§ **WORK TO COMPLETE**: Where the listing below has a line with "Definition weight (R", write out exactly that line and every line after it, stopping after the line with "r-positional strategy accepts".

§ **SUPPLIED MATERIAL**:
(* Let $\theta>0$ be a real number and, for integers $N\ge 1$ and $r\ge 0$, let \[ W_N(r)=\sum_{\pi \in \mathfrak{S}_N \text{ $r$-winnable}} \theta^{\pi^{-1}(N)-1}. \] Then $W_N(0)=(N-1)!$, and for $1\le r\le N-1$, \[ W_N(r) = (N-1)!\; r \sum_{i=r}^{N-1} \frac{\theta^i}{i}. \]
   Context: $\mathfrak{S}_N$ is the set of permutations $\pi=[\pi_1\pi_2\cdots\pi_N]$ of $\{1,\dots,N\}$ in one-line notation; $\pi^{-1}(N)$ is the position of the entry $N$. A left-to-right maximum of $\pi$ is an entry $\pi_j$ larger than every $\pi_i$ with $i<j$. For $r\ge 0$, the $r$-positional strategy rejects $\pi_1,\dots,\pi_r$ and then accepts the first subsequent left-to-right maximum (so for $r=0$ it accepts $\pi_1$). The permutation $\pi$ is called $r$-winnable if this strategy accepts the entry $N$. *)

(* Permutations of {1..N} are modelled as 'S_N = {perm 'I_N},
   i.e. permutations of {0,..,N-1}; the one-line entry pi_{j+1} of the paper is
   (pi j).+1, so the entry N is the value N.-1 and positions are 0-indexed. *)
From HB Require Import structures.
From mathcomp Require Import all_boot all_order all_algebra all_fingroup.
Set Implicit Arguments. Unset Strict Implicit. Unset Printing Implicit Defensive.
Import Order.TTheory GRing.Theory Num.Theory.

Definition ltr_max (N : nat) (pi : 'S_N) (j : 'I_N) : bool :=
  [forall i : 'I_N, (i < j) ==> (pi i < pi j)].

(* The r-positional strategy rejects the first r entries (0-indexed positions
   0..r-1) and accepts the first later left-to-right maximum.  pi is r-winnable
   iff the accepted entry exists and is the entry N (value N.-1 here). *)
Definition winnable (N r : nat) (pi : 'S_N) : bool :=
  [exists j : 'I_N,
     [&& r <= j, ltr_max pi j,
         [forall k : 'I_N, ((r <= k) && (k < j)) ==> ~~ ltr_max pi k]
       & (pi j : nat) == N.-1]].

(* theta^(pi^{-1}(N) - 1): the unique 0-indexed position j with pi j = N.-1. *)
Definition weight (R : nzRingType) (theta : R) (N : nat) (pi : 'S_N) : R :=
  (\sum_(j : 'I_N | (pi j : nat) == N.-1) theta ^+ j)%R.

Definition W (R : nzRingType) (theta : R) (N r : nat) : R :=
  (\sum_(pi : 'S_N | winnable r pi) weight theta pi)%R.

From HB Require Import structures.
From mathcomp Require Import all_boot all_order all_algebra all_fingroup.
From mathcomp Require Import ring.
Import Order.TTheory GRing.Theory Num.Theory.
Set Implicit Arguments. Unset Strict Implicit. Unset Printing Implicit Defensive.

(* Let j be the (0-indexed) position of the entry N.  For r >= 1 the
   r-positional strategy accepts N exactly when r <= j and the largest entry
   before position j sits among the first r positions: that entry is a
   left-to-right maximum, and none can occur between it and position j.
   Swapping two positions before j shows that, among the (N-1)! permutations
   with N at position j, the position of this prefix maximum is uniformly
   distributed over the j earlier positions; hence r (N-1)!/j of them are
   r-winnable, each of weight theta^j.  For r = 0 only j = 0 wins. *)

Section WinnableCount.

Variable n : nat.
Implicit Types (pi : 'S_n.+1) (i j m : 'I_n.+1).

Definition prefix_argmax pi j : 'I_n.+1 := [arg max_(i > ord0 | i < j) pi i].

Lemma prefix_argmaxP pi j : 0 < j ->
  extremum_spec geq (fun i : 'I_n.+1 => i < j) (fun i => pi i : nat) (prefix_argmax pi j).
Proof. exact: (@arg_maxnP _ ord0). Qed.

Lemma prefix_argmax_lt pi j : 0 < j -> prefix_argmax pi j < j.
Proof. by case/(prefix_argmaxP pi). Qed.

Lemma prefix_argmax_max pi j i :
  i < j -> i != prefix_argmax pi j -> pi i < pi (prefix_argmax pi j).
Proof.
move=> ij; have j_gt0 : 0 < j by apply: leq_ltn_trans ij.
case: (prefix_argmaxP pi j_gt0) => m _ m_max im.
have le_im : pi i <= pi m := m_max i ij.
rewrite ltn_neqAle le_im andbT.
by apply: contra im => /eqP/val_inj/perm_inj ->.
Qed.

Lemma prefix_argmax_eq pi j m :
  m < j -> (forall i, i < j -> i != m -> pi i < pi m) -> prefix_argmax pi j = m.
Proof.
move=> mj m_max; apply/eqP; apply: contraT => a_neq_m.
have j_gt0 : 0 < j by apply: leq_ltn_trans mj.
have := m_max _ (prefix_argmax_lt pi j_gt0) a_neq_m.
by rewrite ltnNge ltnW // prefix_argmax_max // eq_sym.
Qed.

Lemma ltr_max_prefix_argmax pi j : 0 < j -> ltr_max pi (prefix_argmax pi j).
Proof.
move=> j_gt0; apply/forallP => i; apply/implyP => i_lt.
apply: prefix_argmax_max; first exact: ltn_trans i_lt (prefix_argmax_lt pi j_gt0).
by rewrite neq_ltn i_lt.
Qed.

Lemma prefix_argmax_tperm pi j m m' : m < j -> m' < j ->
  prefix_argmax (tperm m m' * pi) j = tperm m m' (prefix_argmax pi j).
Proof.
move=> mj m'j; have j_gt0 : 0 < j by apply: leq_ltn_trans mj.
have tperm_lt i : i < j -> tperm m m' i < j by case: tpermP.
apply: prefix_argmax_eq => [|i ij ine]; first exact/tperm_lt/prefix_argmax_lt.
rewrite !permM tpermK; apply: prefix_argmax_max; first exact: tperm_lt.
by apply: contraNneq ine => <-; rewrite tpermK.
Qed.

Lemma ltr_max_top pi j : pi j = ord_max -> ltr_max pi j.
Proof.
move=> top; apply/forallP => i; apply/implyP => ij.
rewrite top ltn_neqAle -ltnS ltn_ord andbT.
by apply: contraTneq ij => /val_inj; rewrite -top => /perm_inj ->; rewrite ltnn.
Qed.

Lemma winnable_top r pi j : 0 < r -> pi j = ord_max ->
  winnable r pi = (r <= j) && (prefix_argmax pi j < r).
Proof.
move=> r_gt0 top; apply/existsP/andP => [[j'] | [rj ar]].
  case/and4P=> rj' _ /forallP not_ltr /eqP top'.
  have ej : j' = j by apply: (@perm_inj _ pi); rewrite top; apply: val_inj.
  subst j'; have j_gt0 := leq_trans r_gt0 rj'.
  split=> //; rewrite ltnNge; apply/negP => ra.
  have := implyP (not_ltr (prefix_argmax pi j)).
  by rewrite ra prefix_argmax_lt // ltr_max_prefix_argmax // => /(_ isT).
have j_gt0 := leq_trans r_gt0 rj.
exists j; rewrite rj ltr_max_top //= top eqxx andbT.
apply/forallP => k; apply/implyP => /andP [rk kj]; apply/negP => /forallP ltr_k.
have ak : prefix_argmax pi j < k := leq_trans ar rk.
have := prefix_argmax_max kj (negbT (gtn_eqF ak)); rewrite ltnNge ltnW //.
exact: implyP (ltr_k _) ak.
Qed.

Lemma winnable0_top pi j : pi j = ord_max -> winnable 0 pi = (j == ord0).
Proof.
move=> top; apply/existsP/eqP => [[j'] | j0].
  case/and4P=> _ _ /forallP not_ltr /eqP top'.
  have <- : j' = j by apply: (@perm_inj _ pi); rewrite top; apply: val_inj.
  apply/val_inj/eqP; rewrite /= -leqn0 leqNgt; apply/negP => j'_gt0.
  by have := implyP (not_ltr ord0) j'_gt0; rewrite /ltr_max; case: forallP.
exists j; rewrite ltr_max_top //= top eqxx andbT.
by apply/forallP => k; rewrite j0.
Qed.

Lemma card_top_at j : #|[pred pi : 'S_n.+1 | pi j == ord_max]| = n`!.
Proof.
have fix_on pi : (pi ord_max == ord_max) = (pi \in perm_on [set~ ord_max]).
  apply/idP/idP => [/eqP fix_max | /out_perm -> //]; last by rewrite !inE eqxx.
  by apply/subsetP => i; rewrite !inE; apply: contraNneq => ->; rewrite fix_max.
rewrite -sum1_card (reindex_inj (mulgI (tperm j ord_max))) /=.
rewrite (eq_bigl [in perm_on [set~ ord_max]]) => [|pi]; last first.
  by rewrite inE /= permM tpermL -fix_on.
by rewrite sum1_card card_perm cardsC1 card_ord.
Qed.

Lemma card_top_prefix_argmax_eq j m m' : m < j -> m' < j ->
  #|[pred pi : 'S_n.+1 | (pi j == ord_max) && (prefix_argmax pi j == m)]| =
  #|[pred pi : 'S_n.+1 | (pi j == ord_max) && (prefix_argmax pi j == m')]|.
Proof.
move=> mj m'j; rewrite -!sum1_card (reindex_inj (mulgI (tperm m m'))) /=.
apply: eq_bigl => pi; rewrite !inE /= permM tpermD ?(negbT (ltn_eqF _)) //.
by rewrite prefix_argmax_tperm // (can2_eq (tpermK m m') (tpermK m m')) tpermL.
Qed.

Lemma card_top_prefix_argmax_lt j k : 0 < k -> k <= j ->
  #|[pred pi : 'S_n.+1 | (pi j == ord_max) && (prefix_argmax pi j < k)]| =
  k * #|[pred pi : 'S_n.+1 | (pi j == ord_max) && (prefix_argmax pi j == ord0)]|.
Proof.
move=> k_gt0 kj; set c := (X in _ = _ * X).
have -> : k * c = \sum_(m < n.+1 | m < k) c.
  rewrite -(big_ord_widen _ (fun=> c)) ?sum_nat_const ?card_ord //.
  exact: leq_trans kj (ltnW (ltn_ord j)).
rewrite -sum1_card (partition_big (prefix_argmax^~ j) (fun m : 'I_n.+1 => m < k)) /=.
  apply: eq_bigr => m mk; rewrite /c -(@card_top_prefix_argmax_eq j m).
  - rewrite -sum1_card; apply: eq_bigl => pi; rewrite !inE -andbA.
    by case: (prefix_argmax pi j =P m) => [->|]; rewrite ?mk ?andbF.
  - exact: leq_trans mk kj.
  - exact: leq_trans k_gt0 kj.
by move=> pi /andP [].
Qed.

Definition card_win_at r j :=
  #|[pred pi : 'S_n.+1 | winnable r pi && (pi j == ord_max)]|.

Lemma card_win_at0 j : card_win_at 0 j = if j == ord0 then n`! else 0.
Proof.
have win_top pi : (winnable 0 pi && (pi j == ord_max)) = (j == ord0) && (pi j == ord_max).
  by case: (pi j =P ord_max) => [/winnable0_top ->|]; rewrite ?andbF.
rewrite /card_win_at (eq_card win_top); case: (j =P ord0) => _; first exact: card_top_at.
exact: eq_card0.
Qed.

Lemma card_win_at_lt r j : 0 < r -> j < r -> card_win_at r j = 0.
Proof.
move=> r_gt0 jr; apply: eq_card0 => pi; rewrite !inE.
by case: (pi j =P ord_max) => [/(winnable_top r_gt0) ->|]; rewrite ?andbF // leqNgt jr.
Qed.

Lemma card_win_at_ge r j : 0 < r -> r <= j -> j * card_win_at r j = r * n`!.
Proof.
move=> r_gt0 rj; have j_gt0 := leq_trans r_gt0 rj.
have win_top pi : (winnable r pi && (pi j == ord_max)) =
    (pi j == ord_max) && (prefix_argmax pi j < r).
  by case: (pi j =P ord_max) => [/(winnable_top r_gt0) ->|]; rewrite ?andbF // rj andbC.
have top_lt : #|[pred pi : 'S_n.+1 | pi j == ord_max]| =
    #|[pred pi : 'S_n.+1 | (pi j == ord_max) && (prefix_argmax pi j < j)]|.
  by apply: eq_card => pi; rewrite !inE prefix_argmax_lt ?andbT.
rewrite /card_win_at (eq_card win_top) -(card_top_at j) top_lt.
by rewrite !card_top_prefix_argmax_lt ?leqnn // mulnCA.
Qed.

End WinnableCount.

Local Open Scope ring_scope.

Lemma W_card_win_at (R : nzRingType) (theta : R) n r :
  W theta n.+1 r = \sum_(j < n.+1) (card_win_at r j)%:R * theta ^+ j.
Proof.
rewrite /W /weight (exchange_big_dep xpredT) //=; apply: eq_bigr => j _.
rewrite /card_win_at -sum1_card natr_sum mulr_suml.
by apply: eq_big => pi; rewrite ?inE ?mul1r.
Qed.

Theorem corollary2p2 (R : realFieldType) (theta : R) (N : nat) :
  0 < theta -> (1 <= N)%N ->
  W theta N 0 = (N.-1)`!%:R /\
  (forall r : nat, (1 <= r <= N.-1)%N ->
     W theta N r =
       (N.-1)`!%:R * r%:R * \sum_(r <= i < N) theta ^+ i / i%:R).
Proof.
move=> _; case: N => [//|n] _ /=; split.
  rewrite W_card_win_at (bigD1 ord0) //= big1 => [|j j_neq0].
    by rewrite card_win_at0 eqxx expr0 mulr1 addr0.
  by rewrite card_win_at0 (negbTE j_neq0) mul0r.
move=> r /andP [r_gt0 _].
rewrite W_card_win_at big_geq_mkord big_distrr [RHS]big_mkcond /=.
apply: eq_bigr => j _; case: leqP => [rj | jr]; last by rewrite card_win_at_lt ?mul0r.
have j_neq0 : j%:R != 0 :> R by rewrite pnatr_eq0 -lt0n (leq_trans r_gt0 rj).
have /(congr1 (fun k => k%:R : R)) := card_win_at_ge r_gt0 rj.
rewrite !natrM => card_eq.
by rewrite -[(card_win_at r j)%:R](mulKf j_neq0) card_eq; field.
Qed.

§ **SOLUTION**:
Definition weight (R : nzRingType) (theta : R) (N : nat) (pi : 'S_N) : R :=
  (\sum_(j : 'I_N | (pi j : nat) == N.-1) theta ^+ j)%R.

Definition W (R : nzRingType) (theta : R) (N r : nat) : R :=
  (\sum_(pi : 'S_N | winnable r pi) weight theta pi)%R.

From HB Require Import structures.
From mathcomp Require Import all_boot all_order all_algebra all_fingroup.
From mathcomp Require Import ring.
Import Order.TTheory GRing.Theory Num.Theory.
Set Implicit Arguments. Unset Strict Implicit. Unset Printing Implicit Defensive.

(* Let j be the (0-indexed) position of the entry N.  For r >= 1 the
   r-positional strategy accepts N exactly when r <= j and the largest entry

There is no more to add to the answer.